DESCRIPTION OF THE TASK - Set down exactly the lines below between the line holding "pose proof (cdsqnorm_nonneg n z) as Hnn." and the line holding "intros Hx0 Hx1", inclusive; no other line belongs in the answer.

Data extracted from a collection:
=-=-=

Definition discrete (n : nat) (Z : CD n -> Prop) : Prop :=
  forall z, Z z -> exists eps, 0 < eps /\
    forall w, Z w -> cdnorm n (cdsub n w z) < eps -> w = z.

From Stdlib Require Import Reals Lra Lia.
Open Scope R_scope.

(* Read backwards from a fixed m, y_j := T^{-1}_{a_{j+1}} ... T^{-1}_{a_m} 0 is a fraction
   with a denominator u_j in Z: u_m = 1 and u_j = (y_{j+1} + a_{j+1}) u_{j+1}, so that
   y_j u_j = u_{j+1} and |u_j| * |y_j| * ... * |y_{m-1}| = 1 (here we use that up to the
   octonions the algebra is alternative and its norm multiplicative).  Discreteness forces
   |u| >= 1 for every nonzero u in Z, hence the products are at most 1.  That y_j is defined
   at all comes from the estimate |x_j - y_j| |u_j| <= |x_m| < 1, propagated downwards with
   |s^{-1} - t^{-1}| = |s - t| |s^{-1}| |t^{-1}|: if y_{j+1} + a_{j+1} were 0, then
   |x_{j+1} - y_{j+1}| = |x_j|^{-1} > 1. *)

Ltac cd_induction n :=
  let IH := fresh "IH" in
  induction n as [|n IH]; intros;
  [ simpl in *
  | repeat match goal with p : CD (S _) |- _ => destruct p end; simpl in * ].

Lemma cdsqnorm_nonneg n (x : CD n) : 0 <= cdsqnorm n x.
Proof.
  revert x; cd_induction n.
  - nra.
  - pose proof (IH c); pose proof (IH c0); lra.
Qed.

Lemma cdsqnorm_eq_0 n (x : CD n) : cdsqnorm n x = 0 -> x = cd0 n.
Proof.
  revert x; cd_induction n.
  - nra.
  - pose proof (cdsqnorm_nonneg n c); pose proof (cdsqnorm_nonneg n c0).
    rewrite (IH c), (IH c0); [reflexivity | lra | lra].
Qed.

Lemma cdsqnorm_cd0 n : cdsqnorm n (cd0 n) = 0.
Proof. cd_induction n; [ring | rewrite IH; ring]. Qed.

Lemma cdsqnorm_cd1 n : cdsqnorm n (cd1 n) = 1.
Proof. cd_induction n; [ring | rewrite IH, cdsqnorm_cd0; ring]. Qed.

Lemma cdsqnorm_opp n (x : CD n) : cdsqnorm n (cdopp n x) = cdsqnorm n x.
Proof. revert x; cd_induction n; [ring | rewrite !IH; ring]. Qed.

Lemma cdsqnorm_conj n (x : CD n) : cdsqnorm n (cdconj n x) = cdsqnorm n x.
Proof. revert x; cd_induction n; [ring | rewrite IH, cdsqnorm_opp; ring]. Qed.

Lemma cdsqnorm_scale n r (x : CD n) : cdsqnorm n (cdscale n r x) = r * r * cdsqnorm n x.
Proof. revert x; cd_induction n; [ring | rewrite !IH; ring]. Qed.

Lemma cdsub_0_r n (x : CD n) : cdsub n x (cd0 n) = x.
Proof. unfold cdsub; revert x; cd_induction n; [ring | rewrite !IH; reflexivity]. Qed.

Lemma cdsub_add n (x a : CD n) : cdadd n (cdsub n x a) a = x.
Proof. unfold cdsub; revert x a; cd_induction n; [ring | rewrite !IH; reflexivity]. Qed.

Lemma cdsub_add_add_r n (x y a : CD n) :
  cdsub n (cdadd n x a) (cdadd n y a) = cdsub n x y.
Proof. unfold cdsub; revert x y a; cd_induction n; [ring | rewrite !IH; reflexivity]. Qed.

Lemma cdopp_involutive n (x : CD n) : cdopp n (cdopp n x) = x.
Proof. revert x; cd_induction n; [ring | rewrite !IH; reflexivity]. Qed.

Lemma cdconj_involutive n (x : CD n) : cdconj n (cdconj n x) = x.
Proof. revert x; cd_induction n; [reflexivity | rewrite IH, cdopp_involutive; reflexivity]. Qed.

Lemma cdopp_scale n r (x : CD n) : cdopp n (cdscale n r x) = cdscale n r (cdopp n x).
Proof. revert x; cd_induction n; [ring | rewrite !IH; reflexivity]. Qed.

Lemma cdconj_scale n r (x : CD n) : cdconj n (cdscale n r x) = cdscale n r (cdconj n x).
Proof. revert x; cd_induction n; [ring | rewrite IH, cdopp_scale; reflexivity]. Qed.

Lemma cdscale_scale n r q (x : CD n) : cdscale n r (cdscale n q x) = cdscale n (r * q) x.
Proof. revert x; cd_induction n; [ring | rewrite !IH; reflexivity]. Qed.

Lemma cdscale_1 n (x : CD n) : cdscale n 1 x = x.
Proof. revert x; cd_induction n; [ring | rewrite !IH; reflexivity]. Qed.

Fixpoint cddot (n : nat) : CD n -> CD n -> R :=
  match n return CD n -> CD n -> R with
  | O => fun x y => x * y
  | S m => fun x y => cddot m (fst x) (fst y) + cddot m (snd x) (snd y)
  end.

Lemma cddot_scale n r q (x y : CD n) :
  cddot n (cdscale n r x) (cdscale n q y) = r * q * cddot n x y.
Proof. revert x y; cd_induction n; [ring | rewrite !IH; ring]. Qed.

Lemma cddot_opp n (x y : CD n) : cddot n (cdopp n x) (cdopp n y) = cddot n x y.
Proof. revert x y; cd_induction n; [ring | rewrite !IH; ring]. Qed.

Lemma cddot_conj n (x y : CD n) : cddot n (cdconj n x) (cdconj n y) = cddot n x y.
Proof. revert x y; cd_induction n; [ring | rewrite IH, cddot_opp; ring]. Qed.

Lemma cdsqnorm_sub n (x y : CD n) :
  cdsqnorm n (cdsub n x y) = cdsqnorm n x + cdsqnorm n y - 2 * cddot n x y.
Proof. unfold cdsub; revert x y; cd_induction n; [ring | rewrite !IH; ring]. Qed.

Lemma cdnorm_eq_0 n (x : CD n) : cdnorm n x = 0 <-> cdsqnorm n x = 0.
Proof.
  unfold cdnorm; split; intro H.
  - apply sqrt_eq_0; [apply cdsqnorm_nonneg | exact H].
  - rewrite H; apply sqrt_0.
Qed.

Lemma cdsqnorm_lt_1 n (x : CD n) : cdnorm n x < 1 -> cdsqnorm n x < 1.
Proof.
  unfold cdnorm; intro H.
  destruct (Rlt_or_le (cdsqnorm n x) 1) as [Hlt | Hge]; [exact Hlt |].
  apply sqrt_le_1_alt in Hge; rewrite sqrt_1 in Hge; lra.
Qed.

Lemma cdnorm_ge_1 n (x : CD n) : 1 <= cdsqnorm n x -> 1 <= cdnorm n x.
Proof. intro H; rewrite <- sqrt_1; apply sqrt_le_1_alt, H. Qed.

Lemma cdsqnorm_inv n (x : CD n) : cdsqnorm n x <> 0 -> cdsqnorm n (cdinv n x) = / cdsqnorm n x.
Proof. intro H; unfold cdinv; rewrite cdsqnorm_scale, cdsqnorm_conj; field; exact H. Qed.

Lemma cdnorm_inv n (x : CD n) : cdsqnorm n x <> 0 -> cdnorm n (cdinv n x) = / cdnorm n x.
Proof.
  intro H; unfold cdnorm; rewrite cdsqnorm_inv by exact H.
  apply sqrt_inv.
Qed.

Lemma cdinv_involutive n (x : CD n) : cdsqnorm n x <> 0 -> cdinv n (cdinv n x) = x.
Proof.
  intro H; unfold cdinv at 1; rewrite cdsqnorm_inv by exact H.
  unfold cdinv; rewrite cdconj_scale, cdconj_involutive, cdscale_scale.
  replace (/ / cdsqnorm n x * / cdsqnorm n x) with 1 by (field; exact H).
  apply cdscale_1.
Qed.

Lemma cdsqnorm_sub_inv n (t s : CD n) : cdsqnorm n t <> 0 -> cdsqnorm n s <> 0 ->
  cdsqnorm n (cdsub n (cdinv n t) (cdinv n s))
  = cdsqnorm n (cdsub n t s) / (cdsqnorm n t * cdsqnorm n s).
Proof.
  intros Ht Hs; unfold cdinv.
  rewrite !cdsqnorm_sub, !cdsqnorm_scale, cddot_scale, !cdsqnorm_conj, cddot_conj.
  field; split; assumption.
Qed.

Ltac cd_ring n :=
  destruct n as [|[|[|[|k]]]]; [ | | | | lia ];
  repeat match goal with p : CD (S _) |- _ => destruct p end;
  simpl; unfold cdsub; simpl;
  repeat match goal with |- (_, _) = (_, _) => f_equal end;
  try match goal with |- @eq (CD 0) ?u ?v => change (@eq R u v) end;
  ring.

(* [cdmul_conj_mul_l] and [cdsqnorm_mul] fail from the sedenions ([n = 4]) on. *)
Section LowDimension.

Variable n : nat.
Hypothesis Hn : (n <= 3)%nat.

Lemma cdmul_add_distr_r (x y z : CD n) :
  cdmul n (cdadd n x y) z = cdadd n (cdmul n x z) (cdmul n y z).
Proof. cd_ring n. Qed.

Lemma cdmul_scale_l r (x z : CD n) :
  cdmul n (cdscale n r x) z = cdscale n r (cdmul n x z).
Proof. cd_ring n. Qed.

Lemma cdmul_conj_mul_l (x z : CD n) :
  cdmul n (cdconj n x) (cdmul n x z) = cdscale n (cdsqnorm n x) z.
Proof. cd_ring n. Qed.

Lemma cdsqnorm_mul (x y : CD n) :
  cdsqnorm n (cdmul n x y) = cdsqnorm n x * cdsqnorm n y.
Proof. cd_ring n. Qed.

Lemma cdmul_inv_mul_l (x z : CD n) :
  cdsqnorm n x <> 0 -> cdmul n (cdinv n x) (cdmul n x z) = z.
Proof.
  intro H; unfold cdinv.
  rewrite cdmul_scale_l, cdmul_conj_mul_l, cdscale_scale by exact Hn.
  replace (/ cdsqnorm n x * cdsqnorm n x) with 1 by (field; exact H).
  apply cdscale_1.
Qed.

Lemma cdnorm_mul (x y : CD n) : cdnorm n (cdmul n x y) = cdnorm n x * cdnorm n y.
Proof.
  unfold cdnorm; rewrite cdsqnorm_mul by exact Hn.
  apply sqrt_mult; apply cdsqnorm_nonneg.
Qed.

End LowDimension.

Fixpoint cdpow (n : nat) (z : CD n) (k : nat) : CD n :=
  match k with O => cd1 n | S k' => cdmul n z (cdpow n z k') end.

Section DiscreteSubring.

Variable n : nat.
Hypothesis Hn : (n <= 3)%nat.
Variable Z : CD n -> Prop.
Hypothesis HZ : is_subring n Z.

Lemma subring_cdpow z k : Z z -> Z (cdpow n z k).
Proof.
  destruct HZ as (Z0 & Z1 & _ & _ & Zmul).
  intro Hz; induction k as [|k IH]; simpl; auto.
Qed.

Lemma cdsqnorm_cdpow z k : cdsqnorm n (cdpow n z k) = cdsqnorm n z ^ k.
Proof.
  induction k as [|k IH]; simpl.
  - apply cdsqnorm_cd1.
  - rewrite cdsqnorm_mul, IH by exact Hn; reflexivity.
Qed.

Hypothesis Hdisc : discrete n Z.

(* If [0 < |z| < 1], the powers of [z] would accumulate at the isolated point [0]. *)
Lemma discrete_subring_sqnorm_ge_1 z : Z z -> cdsqnorm n z <> 0 -> 1 <= cdsqnorm n z.
Proof.
  intros Hz Hz0.
  destruct (Rle_or_lt 1 (cdsqnorm n z)) as [Hge | Hlt]; [exact Hge | exfalso].
  pose proof (cdsqnorm_nonneg n z) as Hnn.
  destruct HZ as (Z0 & _).
  destruct (Hdisc _ Z0) as (eps & Heps & Hiso).
  destruct (pow_lt_1_zero (cdsqnorm n z)) with (y := eps * eps) as [K HK];
    [rewrite Rabs_right; lra | nra |].
  specialize (HK K (Nat.le_refl K)).
  rewrite Rabs_right in HK by (apply Rle_ge, pow_le; lra).
  assert (Hpow0 : cdpow n z K = cd0 n).
  { apply Hiso; [apply subring_cdpow; exact Hz |].
    unfold cdnorm; rewrite cdsub_0_r, cdsqnorm_cdpow.
    rewrite <- (sqrt_square eps) by lra.
    apply sqrt_lt_1_alt; split; [apply pow_le; lra | exact HK]. }
  pose proof (cdsqnorm_cdpow z K) as E.
  rewrite Hpow0, cdsqnorm_cd0 in E.
  exact (pow_nonzero _ K Hz0 (eq_sym E)).
Qed.

End DiscreteSubring.

Lemma backward_step_defined n (x x' a y u : CD n) r :
  cdsqnorm n x <> 0 -> cdsqnorm n x <= 1 -> cdadd n x' a = cdinv n x ->
  1 <= cdsqnorm n u -> r < 1 -> cdsqnorm n (cdsub n x' y) * cdsqnorm n u <= r ->
  cdsqnorm n (cdadd n y a) <> 0.
Proof.
  intros Hx0 Hx1 Hx' Hu Hr Herr E%cdsqnorm_eq_0.
  rewrite <- (cdsub_add_add_r n x' y a), Hx', E, cdsub_0_r, cdsqnorm_inv in Herr
    by exact Hx0.
  pose proof (cdsqnorm_nonneg n x).
  assert (1 <= / cdsqnorm n x) by (rewrite <- Rinv_1; apply Rinv_le_contravar; lra).
  nra.
Qed.

Lemma backward_step_error n (x x' a y u : CD n) : (n <= 3)%nat ->
  cdsqnorm n x <> 0 -> cdadd n x' a = cdinv n x -> cdsqnorm n (cdadd n y a) <> 0 ->
  cdsqnorm n (cdsub n x (cdinv n (cdadd n y a))) * cdsqnorm n (cdmul n (cdadd n y a) u)
  = cdsqnorm n (cdsub n x' y) * cdsqnorm n u * cdsqnorm n x.
Proof.
  intros Hn Hx0 Hx' Hs.
  assert (Ht : cdsqnorm n (cdadd n x' a) = / cdsqnorm n x)
    by (rewrite Hx'; apply cdsqnorm_inv, Hx0).
  rewrite <- (cdinv_involutive n x) at 1 by exact Hx0; rewrite <- Hx'.
  rewrite cdsqnorm_sub_inv, cdsub_add_add_r, cdsqnorm_mul, Ht
    by (try rewrite Ht; auto using Rinv_neq_0_compat).
  field; auto.
Qed.

Definition denominator n (Z : CD n -> Prop) (y u : CD n) : Prop :=
  Z u /\ Z (cdmul n y u) /\ cdsqnorm n u <> 0.

Lemma denominator_step n (Z : CD n -> Prop) (y u a : CD n) : (n <= 3)%nat ->
  is_subring n Z -> denominator n Z y u -> Z a -> cdsqnorm n (cdadd n y a) <> 0 ->
  denominator n Z (cdinv n (cdadd n y a)) (cdmul n (cdadd n y a) u).
Proof.
  intros Hn (_ & _ & Zadd & _ & Zmul) (Zu & Zyu & Hu0) Za Hs.
  repeat split.
  - rewrite cdmul_add_distr_r by exact Hn; auto.
  - rewrite cdmul_inv_mul_l by assumption; exact Zu.
  - rewrite cdsqnorm_mul by exact Hn.
    intros E%Rmult_integral; tauto.
Qed.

=-=-=

RESPONSE TO THE TASK -
  pose proof (cdsqnorm_nonneg n z) as Hnn.
  destruct HZ as (Z0 & _).
  destruct (Hdisc _ Z0) as (eps & Heps & Hiso).
  destruct (pow_lt_1_zero (cdsqnorm n z)) with (y := eps * eps) as [K HK];
    [rewrite Rabs_right; lra | nra |].
  specialize (HK K (Nat.le_refl K)).
  rewrite Rabs_right in HK by (apply Rle_ge, pow_le; lra).
  assert (Hpow0 : cdpow n z K = cd0 n).
  { apply Hiso; [apply subring_cdpow; exact Hz |].
    unfold cdnorm; rewrite cdsub_0_r, cdsqnorm_cdpow.
    rewrite <- (sqrt_square eps) by lra.
    apply sqrt_lt_1_alt; split; [apply pow_le; lra | exact HK]. }
  pose proof (cdsqnorm_cdpow z K) as E.
  rewrite Hpow0, cdsqnorm_cd0 in E.
  exact (pow_nonzero _ K Hz0 (eq_sym E)).
Qed.

End DiscreteSubring.

Lemma backward_step_defined n (x x' a y u : CD n) r :
  cdsqnorm n x <> 0 -> cdsqnorm n x <= 1 -> cdadd n x' a = cdinv n x ->
  1 <= cdsqnorm n u -> r < 1 -> cdsqnorm n (cdsub n x' y) * cdsqnorm n u <= r ->
  cdsqnorm n (cdadd n y a) <> 0.
Proof.
  intros Hx0 Hx1 Hx' Hu Hr Herr E%cdsqnorm_eq_0.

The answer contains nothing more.